27th April 2006, Comments 0 comments

STRASBOURG, France, April 26, 2006 (AFP) - The European Parliament has decided to freeze rent payments to Strasbourg city council for two office buildings on suspicion that it has been overcharged, according to its finance control committee.

STRASBOURG, France, April 26, 2006 (AFP) - The European Parliament has decided to freeze rent payments to Strasbourg city council for two office buildings on suspicion that it has been overcharged, according to its finance control committee.

The decision was taken by the committee's political coordinators after they concluded the parliament has been paying an inflated rent for several years, it said in a statement released in Brussels.

It added that moves to acquire the buildings permanently had also been suspended.

According to the parliament vice president in charge of buildings Gérard Onesta, a French Green MEP, the row centres on a plan to buy the two buildings from a Dutch company, SCI-Erasme, the actual owner, which currently lets them to Strasbourg which in turn sublets them to the parliament.

A price of EUR 136 million was provisionally agreed. This was assumed to be based on the rent paid by the parliament to Strasbourg.

"But on March 7 we learn that of that sum EUR 29 million are going to end up in the pockets of the city hall," said Onesta.

"The EP cannot accept that the price of the buildings is calculated on the basis of rents that have been inflated."

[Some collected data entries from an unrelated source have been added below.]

(* If $(U,\le)$ is an ordered supertropical monoid ($\mathrm{OST}$-monoid), then $U$ is a semiring.
   Context: A supertropical monoid is a commutative monoid $(U,\cdot)$ with absorbing element $0$ and distinguished idempotent $e$ with $ex=0\Rightarrow x=0$, together with a total ordering $\le_M$ on $M:=eU$, compatible with multiplication and with $0$ least, making $M$ a bipotent semiring (addition $=\max$). Define on $U$: $x+y:=y$ if $ex<ey$, $x$ if $ex>ey$, $ex$ if $ex=ey$; $U$ is a semiring if this addition is associative and distributive. An OST-monoid is a supertropical monoid $U$ with a total ordering $\le$ on the set $U$ such that: (OST1) $x\le y\Rightarrow xz\le yz$; (OST2) for $x,y\in M$, $x\le y\Leftrightarrow x\le_M y$; (OST3) $0\le1\le e$. *)

From Stdlib Require Import ClassicalEpsilon.

Section Supertropical.
Variables (U : Type) (mul : U -> U -> U) (one zero e : U).

(* M := eU ; since e is idempotent, x \in eU iff e x = x *)
Definition inM (x : U) : Prop := exists y, x = mul e y.

Definition total_order_on (P : U -> Prop) (le : U -> U -> Prop) : Prop :=
  (forall x, P x -> le x x) /\
  (forall x y, P x -> P y -> le x y -> le y x -> x = y) /\
  (forall x y z, P x -> P y -> P z -> le x y -> le y z -> le x z) /\
  (forall x y, P x -> P y -> le x y \/ le y x).

Definition is_supertropical_monoid (leM : U -> U -> Prop) : Prop :=
  (forall x y z, mul (mul x y) z = mul x (mul y z)) /\
  (forall x y, mul x y = mul y x) /\
  (forall x, mul one x = x) /\
  (forall x, mul zero x = zero) /\
  mul e e = e /\
  (forall x, mul e x = zero -> x = zero) /\
  total_order_on inM leM /\
  (forall x y z, inM x -> inM y -> inM z -> leM x y -> leM (mul x z) (mul y z)) /\
  (forall x, inM x -> leM zero x).

Definition ltM (leM : U -> U -> Prop) (x y : U) : Prop := leM x y /\ x <> y.

Definition st_add (leM : U -> U -> Prop) (x y : U) : U :=
  if excluded_middle_informative (ltM leM (mul e x) (mul e y)) then y
  else if excluded_middle_informative (ltM leM (mul e y) (mul e x)) then x
  else mul e x.

Definition is_OST_monoid (leM le : U -> U -> Prop) : Prop :=
  is_supertropical_monoid leM /\
  total_order_on (fun _ => True) le /\
  (forall x y z, le x y -> le (mul x z) (mul y z)) /\
  (forall x y, inM x -> inM y -> (le x y <-> leM x y)) /\
  le zero one /\ le one e.

Definition st_is_semiring (leM : U -> U -> Prop) : Prop :=
  (forall x y z, st_add leM (st_add leM x y) z = st_add leM x (st_add leM y z)) /\
  (forall x y z, mul x (st_add leM y z) = st_add leM (mul x y) (mul x z)) /\
  (forall x y z, mul (st_add leM x y) z = st_add leM (mul x z) (mul y z)).

End Supertropical.

(** The supertropical sum [x + y] is the summand whose ghost [e x], [e y] is
    strictly larger, and the common ghost otherwise; associativity is then a
    case analysis on the total order of [M].  For distributivity the only
    delicate case is [e y < e z] with [e (x y) = e (x z)], where
    [x (y + z) = x z] must equal the ghost [e (x z)].  Here the order on all of
    [U] helps: [e y <= z] (otherwise [e z <= e y]), so
    [e (x z) = x (e y) <= x z <= e (x z)], the last step by [1 <= e]. *)

From Stdlib Require Import Classical ClassicalEpsilon.

Section SupertropicalSum.
Variables (U : Type) (mul : U -> U -> U) (e : U) (leM : U -> U -> Prop).
Hypothesis mulA : forall x y z, mul (mul x y) z = mul x (mul y z).
Hypothesis mul_ee : mul e e = e.
Hypothesis leM_total : total_order_on U (inM U mul e) leM.

Local Notation ν := (mul e).
Local Notation M := (inM U mul e).
Local Notation "x <M y" := (ltM U leM x y) (at level 70).
Local Infix "⊕" := (st_add U mul e leM) (at level 50, left associativity).

Lemma inM_ghost (x : U) : M (ν x).
Proof. now exists x. Qed.

Lemma ghost_idem (x : U) : ν (ν x) = ν x.
Proof. now rewrite <- mulA, mul_ee. Qed.

Lemma ltM_irrefl (a : U) : ~ a <M a.
Proof. now intros [_ Hneq]. Qed.

Lemma ltM_nleM (a b : U) : M a -> M b -> a <M b -> ~ leM b a.
Proof.
  destruct leM_total as (_ & leM_anti & _).
  intros Ha Hb [Hab Hneq] Hba; apply Hneq; auto.
Qed.

Lemma ltM_trans (a b c : U) : M a -> M b -> M c -> a <M b -> b <M c -> a <M c.
Proof.
  destruct leM_total as (_ & leM_anti & leM_trans & _).
  intros Ha Hb Hc [Hab Hneq] [Hbc _]; split; [eauto|].
  intros <-; apply Hneq; auto.
Qed.

Lemma ltM_trichotomy (a b : U) : M a -> M b -> a <M b \/ b <M a \/ a = b.
Proof.
  destruct leM_total as (_ & _ & _ & leM_connex).
  intros Ha Hb; destruct (classic (a = b)) as [Hab | Hab]; [now right; right|].
  destruct (leM_connex a b Ha Hb); [left | right; left]; split; auto.
Qed.

Lemma st_add_ltM (x y : U) : ν x <M ν y -> x ⊕ y = y.
Proof.
  intros Hlt; unfold st_add.
  now destruct (excluded_middle_informative (ν x <M ν y)).
Qed.

Lemma st_add_gtM (x y : U) : ν y <M ν x -> x ⊕ y = x.
Proof.
  intros Hgt; unfold st_add.
  destruct (excluded_middle_informative (ν x <M ν y)) as [Hlt | _].
  - now destruct (ltM_nleM _ _ (inM_ghost y) (inM_ghost x) Hgt), Hlt.
  - now destruct (excluded_middle_informative (ν y <M ν x)).
Qed.

Lemma st_add_ghost_eq (x y : U) : ν x = ν y -> x ⊕ y = ν x.
Proof.
  intros Heq; unfold st_add; rewrite Heq.
  destruct (excluded_middle_informative (ν y <M ν y)) as [Hlt | _]; [|easy].
  now destruct (ltM_irrefl _ Hlt).
Qed.

Lemma st_addC (x y : U) : x ⊕ y = y ⊕ x.
Proof.
  destruct (ltM_trichotomy (ν x) (ν y) (inM_ghost x) (inM_ghost y)) as [H | [H | H]].
  - now rewrite st_add_ltM, st_add_gtM.
  - now rewrite st_add_gtM, st_add_ltM.
  - now rewrite !st_add_ghost_eq.
Qed.

Lemma st_addA (x y z : U) : x ⊕ y ⊕ z = x ⊕ (y ⊕ z).
Proof.
  pose proof (inM_ghost x) as Mx; pose proof (inM_ghost y) as My;
    pose proof (inM_ghost z) as Mz.
  destruct (ltM_trichotomy _ _ Mx My) as [Hxy | [Hxy | Hxy]];
  destruct (ltM_trichotomy _ _ My Mz) as [Hyz | [Hyz | Hyz]].
  - rewrite (st_add_ltM x y), (st_add_ltM y z), st_add_ltM; eauto using ltM_trans.
  - now rewrite (st_add_ltM x y), (st_add_gtM y z), (st_add_ltM x y).
  - rewrite (st_add_ltM x y), (st_add_ghost_eq y z), st_add_ltM; auto.
    now rewrite ghost_idem.
  - now rewrite (st_add_gtM x y), (st_add_ltM y z).
  - rewrite (st_add_gtM x y), (st_add_gtM y z), !st_add_gtM; eauto using ltM_trans.
  - rewrite (st_add_gtM x y), (st_add_ghost_eq y z), !st_add_gtM;
      now rewrite ?ghost_idem, <- ?Hyz.
  - rewrite (st_add_ghost_eq x y), (st_add_ltM y z), !st_add_ltM; auto;
      now rewrite ?ghost_idem, Hxy.
  - rewrite (st_add_ghost_eq x y), (st_add_gtM y z), st_add_gtM;
      rewrite ?ghost_idem, ?Hxy; auto.
    now rewrite st_add_ghost_eq.
  - rewrite (st_add_ghost_eq x y), (st_add_ghost_eq y z), !st_add_ghost_eq;
      now rewrite ?ghost_idem, ?Hxy, ?Hyz.
Qed.

Section Distributivity.
Variables (one : U) (le : U -> U -> Prop).
Hypothesis mulC : forall x y, mul x y = mul y x.
Hypothesis mul1 : forall x, mul one x = x.
Hypothesis le_total : total_order_on U (fun _ => True) le.
Hypothesis le_mul : forall x y z, le x y -> le (mul x z) (mul y z).
Hypothesis le_leM : forall x y, M x -> M y -> (le x y <-> leM x y).
Hypothesis le_one_e : le one e.

Lemma ghost_mulr (x y : U) : ν (mul x y) = mul x (ν y).
Proof. now rewrite <- mulA, (mulC e x), mulA. Qed.

Lemma le_ghost (x : U) : le x (ν x).
Proof. rewrite <- (mul1 x) at 1; apply le_mul, le_one_e. Qed.

Lemma le_ghost_of_ltM (y z : U) : ν y <M ν z -> le (ν y) z.
Proof.
  destruct le_total as (_ & _ & _ & le_connex).
  intros Hlt; destruct (le_connex (ν y) z I I) as [Hle | Hle]; [easy|].
  apply (le_mul _ _ e) in Hle; rewrite (mulC z), (mulC (ν y)), ghost_idem in Hle.
  apply le_leM in Hle; try apply inM_ghost.
  now destruct (ltM_nleM _ _ (inM_ghost y) (inM_ghost z) Hlt).
Qed.

Lemma ghost_mul_le_of_ltM (x y z : U) : ν y <M ν z -> le (ν (mul x y)) (mul x z).
Proof.
  intros Hlt; rewrite ghost_mulr, (mulC x), (mulC x z).
  now apply le_mul, le_ghost_of_ltM.
Qed.

Lemma mul_st_add_of_ltM (x y z : U) :
  ν y <M ν z -> mul x (y ⊕ z) = mul x y ⊕ mul x z.
Proof.
  destruct le_total as (_ & le_anti & le_trans & _).
  intros Hlt; rewrite (st_add_ltM y z Hlt).
  pose proof (ghost_mul_le_of_ltM x y z Hlt) as Hle.
  pose proof (le_ghost (mul x z)) as Hxz.
  destruct (ltM_trichotomy (ν (mul x y)) (ν (mul x z)) (inM_ghost _) (inM_ghost _))
    as [H | [H | H]].
  - now rewrite st_add_ltM.
  - destruct H as [HleM Hneq]; exfalso; apply Hneq.
    apply le_anti; [easy | easy | |].
    + apply le_leM; auto using inM_ghost.
    + apply le_trans with (mul x z); auto.
  - rewrite st_add_ghost_eq, H by exact H; rewrite H in Hle.
    now apply le_anti.
Qed.

Lemma mul_st_addr (x y z : U) : mul x (y ⊕ z) = mul x y ⊕ mul x z.
Proof.
  destruct (ltM_trichotomy (ν y) (ν z) (inM_ghost y) (inM_ghost z)) as [H | [H | H]].
  - now apply mul_st_add_of_ltM.
  - rewrite st_addC, (st_addC (mul x y)); now apply mul_st_add_of_ltM.
  - rewrite (st_add_ghost_eq y z H), st_add_ghost_eq by now rewrite !ghost_mulr, H.
    now rewrite ghost_mulr.
Qed.

Lemma mul_st_addl (x y z : U) : mul (x ⊕ y) z = mul x z ⊕ mul y z.
Proof. now rewrite !(mulC _ z), mul_st_addr. Qed.

End Distributivity.
End SupertropicalSum.

Theorem theorem61p4 (U : Type) (mul : U -> U -> U) (one zero e : U)
  (leM le : U -> U -> Prop) :
  @is_OST_monoid U mul one zero e leM le ->
  @st_is_semiring U mul e leM.
Proof.
  intros [(mulA & mulC & mul1 & _ & mul_ee & _ & leM_total & _)
          (le_total & le_mul & le_leM & _ & le_one_e)].
  split; [|split]; intros x y z.
  - now apply st_addA.
  - now eapply mul_st_addr; eauto.
  - now eapply mul_st_addl; eauto.
Qed.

According to the rapporteur on the European Parliament's budget, German conservative Markus Ferber, there could be a difference of as much as EUR 2 million a year between the rent demanded by the city council and what it pays to SCI-Erasme.

Under the terms of a 1979 agreement, ownership of the buildings will revert to the city council in 2047.

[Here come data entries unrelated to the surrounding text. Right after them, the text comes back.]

(* Let $A<\mathbb{R}$ be any subring. For any finite set $S\subseteq H(A)''$ there is a non-trivial element $h_S\in H(A)$ commuting with each element of $S$.
   Context: Let $\mathbb{P}^1=\mathbb{P}^1(\mathbb{R})$ with its usual topology (a circle) and the natural action of $\mathrm{PSL}_2(\mathbb{R})$. Let $G$ be the group of homeomorphisms of $\mathbb{P}^1$ which are piecewise in $\mathrm{PSL}_2(\mathbb{R})$ with finitely many pieces, each an interval. Let $\infty\in\mathbb{P}^1$ correspond to the first basis vector of $\mathbb{R}^2$ and $H<G$ its stabilizer. For a subring $A<\mathbb{R}$, $P_A$ is the set of fixed points of hyperbolic elements of $\mathrm{PSL}_2(A)$, $G(A)$ is the subgroup of $G$ of elements piecewise in $\mathrm{PSL}_2(A)$ with all interval endpoints in $P_A$, and $H(A)=G(A)\cap H$. $H(A)''$ denotes the second derived subgroup $[H(A)',H(A)']$, where $H(A)'=[H(A),H(A)]$. *)

From HB Require Import structures.
From mathcomp Require Import all_boot all_order all_algebra.
From mathcomp Require Import reals.
Set Implicit Arguments. Unset Strict Implicit. Unset Printing Implicit Defensive.
Import Order.TTheory GRing.Theory Num.Theory.
Local Open Scope ring_scope.

Section PiecewiseProjective.
Variable R : realType.

(* P^1(R) = R u {oo}: [Some x] is the line through (x,1), [None] is the line
   through the first basis vector e1 = (1,0), i.e. the point oo. *)
Definition P1 := option R.

Definition mob (g : 'M[R]_2) (p : P1) : P1 :=
  let a := g 0 0 in let b := g 0 1 in let c := g 1 0 in let d := g 1 1 in
  match p with
  | Some x => if c * x + d == 0 then None else Some ((a * x + b) / (c * x + d))
  | None => if c == 0 then None else Some (a / c)
  end.

(* Matrices of SL_2(A) (they represent PSL_2(A); +-g act identically). *)
Definition SL2 (A : {pred R}) (g : 'M[R]_2) : Prop :=
  \det g = 1 /\ forall i j, g i j \in A.

Definition hyperbolic (g : 'M[R]_2) : Prop := 2 < `|\tr g|.

Definition P_ (A : {pred R}) (p : P1) : Prop :=
  exists g, SL2 A g /\ hyperbolic g /\ mob g p = p.

(* Linear order on P1 with oo as maximum; it induces the circular order. *)
Definition lt1 (p q : P1) : bool :=
  match p, q with
  | Some x, Some y => x < y
  | Some _, None => true
  | None, _ => false
  end.
Definition le1 (p q : P1) : bool := (p == q) || lt1 p q.

(* [arc u v w]: w lies on the closed arc of the circle going (positively)
   from u to v; for u = v this is the whole circle. *)
Definition arc (u v w : P1) : bool :=
  if lt1 u v then le1 u w && le1 w v else le1 u w || le1 w v.

(* Either f is globally one
   element of M (no breakpoints), or there are n >= 1 breakpoints
   p_0 < ... < p_{n-1} (circularly ordered) and f agrees with g_i on the
   closed arc [p_i, p_{i+1 mod n}]. *)
Definition piecewise (M : 'M[R]_2 -> Prop) (B : P1 -> Prop) (f : P1 -> P1) :=
  (exists g, M g /\ forall p, f p = mob g p) \/
  exists s : seq (P1 * 'M[R]_2),
    [/\ (0 < size s)%N, sorted lt1 (map fst s),
        forall i, (i < size s)%N -> B (nth None (map fst s) i)
                                 /\ M (nth 0 (map snd s) i)
      & forall i, (i < size s)%N -> forall w,
          arc (nth None (map fst s) i) (nth None (map fst s) (i.+1 %% size s)) w ->
          f w = mob (nth 0 (map snd s) i) w].

(* Such maps are automatically continuous (the closed pieces agree at
   the breakpoints and Moebius maps are continuous), hence homeomorphisms
   of the circle, so G(A) is a subset of G. *)
Definition G_ (A : {pred R}) (f : P1 -> P1) : Prop :=
  bijective f /\ piecewise (SL2 A) (P_ A) f.

Definition H_ (A : {pred R}) (f : P1 -> P1) : Prop := G_ A f /\ f None = None.

End PiecewiseProjective.

Inductive gen (T : Type) (X : (T -> T) -> Prop) : (T -> T) -> Prop :=
| gen_id : gen X id
| gen_mul x f : X x -> gen X f -> gen X (x \o f)
| gen_inv x y f : X x -> (forall p, x (y p) = p) -> (forall p, y (x p) = p) ->
    gen X f -> gen X (y \o f).

Definition commutators (T : Type) (X : (T -> T) -> Prop) (f : T -> T) : Prop :=
  exists a b a' b', [/\ X a, X b,
    (forall p, a (a' p) = p) /\ (forall p, a' (a p) = p),
    (forall p, b (b' p) = p) /\ (forall p, b' (b p) = p)
    & f = a' \o b' \o a \o b].

Definition derived (T : Type) (X : (T -> T) -> Prop) := gen (commutators X).

From Pilot Require Import Defs.
From HB Require Import structures.
From mathcomp Require Import all_boot all_order all_algebra reals ring lra.
From Stdlib Require List.
Import Order.TTheory GRing.Theory Num.Theory.
Set Implicit Arguments. Unset Strict Implicit. Unset Printing Implicit Defensive.
Local Open Scope ring_scope.

(* Every element of H(A) fixes oo and, near oo, is a single Moebius map fixing
   oo, i.e. agrees with an affine map x |-> a x + b (a > 0) on some ray
   [M, +oo).  This germ at +oo is multiplicative, so commutators of elements
   of H(A) have translation germs, and elements of H(A)'' have trivial germs:
   each s in S is the identity on a ray [M_s, +oo), hence on a common ray
   [M, +oo), and (being injective) s preserves its complement.
   The hyperbolic matrix [[2,1],[1,1]] of SL_2(Z), conjugated by an integer
   translation N, fixes N + golden' < N + golden, where golden and golden' are
   the roots of x^2 = x + 1.  The map equal to it between these two fixed
   points and to the identity elsewhere is a non-trivial element h_S of H(A);
   for N + golden' >= M it is supported in [M, +oo), so it commutes with every
   s in S. *)

Lemma det_mx22 (R : comNzRingType) (g : 'M[R]_2) :
  \det g = g 0 0 * g 1 1 - g 0 1 * g 1 0.
Proof.
rewrite (expand_det_row _ 0) !big_ord_recl big_ord0 /cofactor !det_mx11 !mxE /=.
have -> : lift 0 (0 : 'I_1) = 1 :> 'I_2 by apply/val_inj.
have -> : lift 1 (0 : 'I_1) = 0 :> 'I_2 by apply/val_inj.
rewrite expr0 expr1; ring.
Qed.

Lemma mxtrace_mx22 (R : comNzRingType) (g : 'M[R]_2) : \tr g = g 0 0 + g 1 1.
Proof.
rewrite /mxtrace !big_ord_recl big_ord0 addr0.
by have -> : lift ord0 (ord0 : 'I_1) = 1 :> 'I_2 by apply/val_inj.
Qed.

Lemma gen_closed (T : Type) (X P : (T -> T) -> Prop) :
  P id -> (forall f g, P f -> P g -> P (f \o g)) ->
  (forall x y, P x -> cancel x y -> cancel y x -> P y) ->
  (forall x, X x -> P x) -> forall f, gen X f -> P f.
Proof.
move=> Pid Pcomp Pinv XP h; elim=> [|x f /XP Px _ Pf | x y f /XP Px xy yx _ Pf].
- exact: Pid.
- exact: Pcomp.
- by apply: Pcomp => //; apply: Pinv Px _ _.
Qed.

Lemma commute_disjoint_support (T : Type) (U : pred T) (s h : T -> T) :
  {in U, s =1 id} -> injective s -> {in predC U, h =1 id} ->
  {homo h : x / x \in U} -> h \o s =1 s \o h.
Proof.
move=> sU s_inj hU hUU x /=; case: (boolP (x \in U)) => xU.
  by rewrite sU // sU ?hUU.
have sxU : s x \notin U.
  by apply: contra xU => sxU; rewrite -(s_inj _ _ (sU _ sxU)).
by rewrite !hU.
Qed.

Lemma eventually_seq (R : realDomainType) (T : Type) (S : seq T) (P : T -> R -> Prop) :
  (forall s, List.In s S -> exists M, forall x, M <= x -> P s x) ->
  exists M, forall s, List.In s S -> forall x, M <= x -> P s x.
Proof.
elim: S => [|s S IH] PS; first by exists 0.
have [M1 H1] := IH (fun t St => PS t (or_intror St)).
have [M2 H2] := PS s (or_introl erefl).
exists (Num.max M1 M2) => t St x; rewrite ge_max => /andP[M1x M2x].
by case: St => [<- | /H1]; [apply: H2 | apply].
Qed.

Section GermAtInfinity.
Variable R : realType.
Implicit Types (f g : P1 R -> P1 R) (a b c d : R).

Definition germ_oo f a b :=
  exists M : R, forall x, M <= x -> f (Some x) = Some (a * x + b).

Lemma germ_oo_id : germ_oo id 1 0.
Proof. by exists 0 => x _; rewrite mul1r addr0. Qed.

Lemma germ_oo_comp f g a1 b1 a2 b2 : 0 < a2 -> germ_oo f a1 b1 -> germ_oo g a2 b2 ->
  germ_oo (f \o g) (a1 * a2) (a1 * b2 + b1).
Proof.
move=> a2p [Mf Hf] [Mg Hg].
exists (Num.max Mg ((Mf - b2) / a2)) => x; rewrite ge_max => /andP[xg xf].
rewrite /= Hg // Hf; first by congr Some; ring.
by rewrite ler_pdivrMr // in xf; lra.
Qed.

At a meeting Tuesday the parliament's finance committee demanded that the city council hand over all the relevant financial and other documents concerning the buildings.

It warned that if these were not forthcoming "within an appropriate time scale," it would lodge a complaint with the European Anti-Fraud Office (OLAF) in Luxembourg. It would also call on the responsible French audit institution to verify the city of Strasbourg's bookkeeping.

Meanwhile city mayor Fabien Keller told AFP that the SCI "is not fully the owner of the buildings, which will revert to the city of Strasbourg for nothing, in a good state of repair, at the end of the long lease."

She said the city had taken a risk in leasing the buildings, one of which had remained empty for three years, and had spent a lot of money in bringing them up to standard.

The European Parliament frequently faces criticism from inside and outside over the high cost of maintaining its Strasbourg headquarters.

To the disgust of many Europeans and a few cost-conscious EU lawmakers, the EU assembly forces thousands of deputies, aides, lobbyists and journalists to swap Brussels for the capital of the Alsace region for one week every month.

However, past campaigns to abandon the Strasbourg site have had no success because a change would require the agreement of all EU governments, including Paris, which is reluctant to give up the prestigious institution.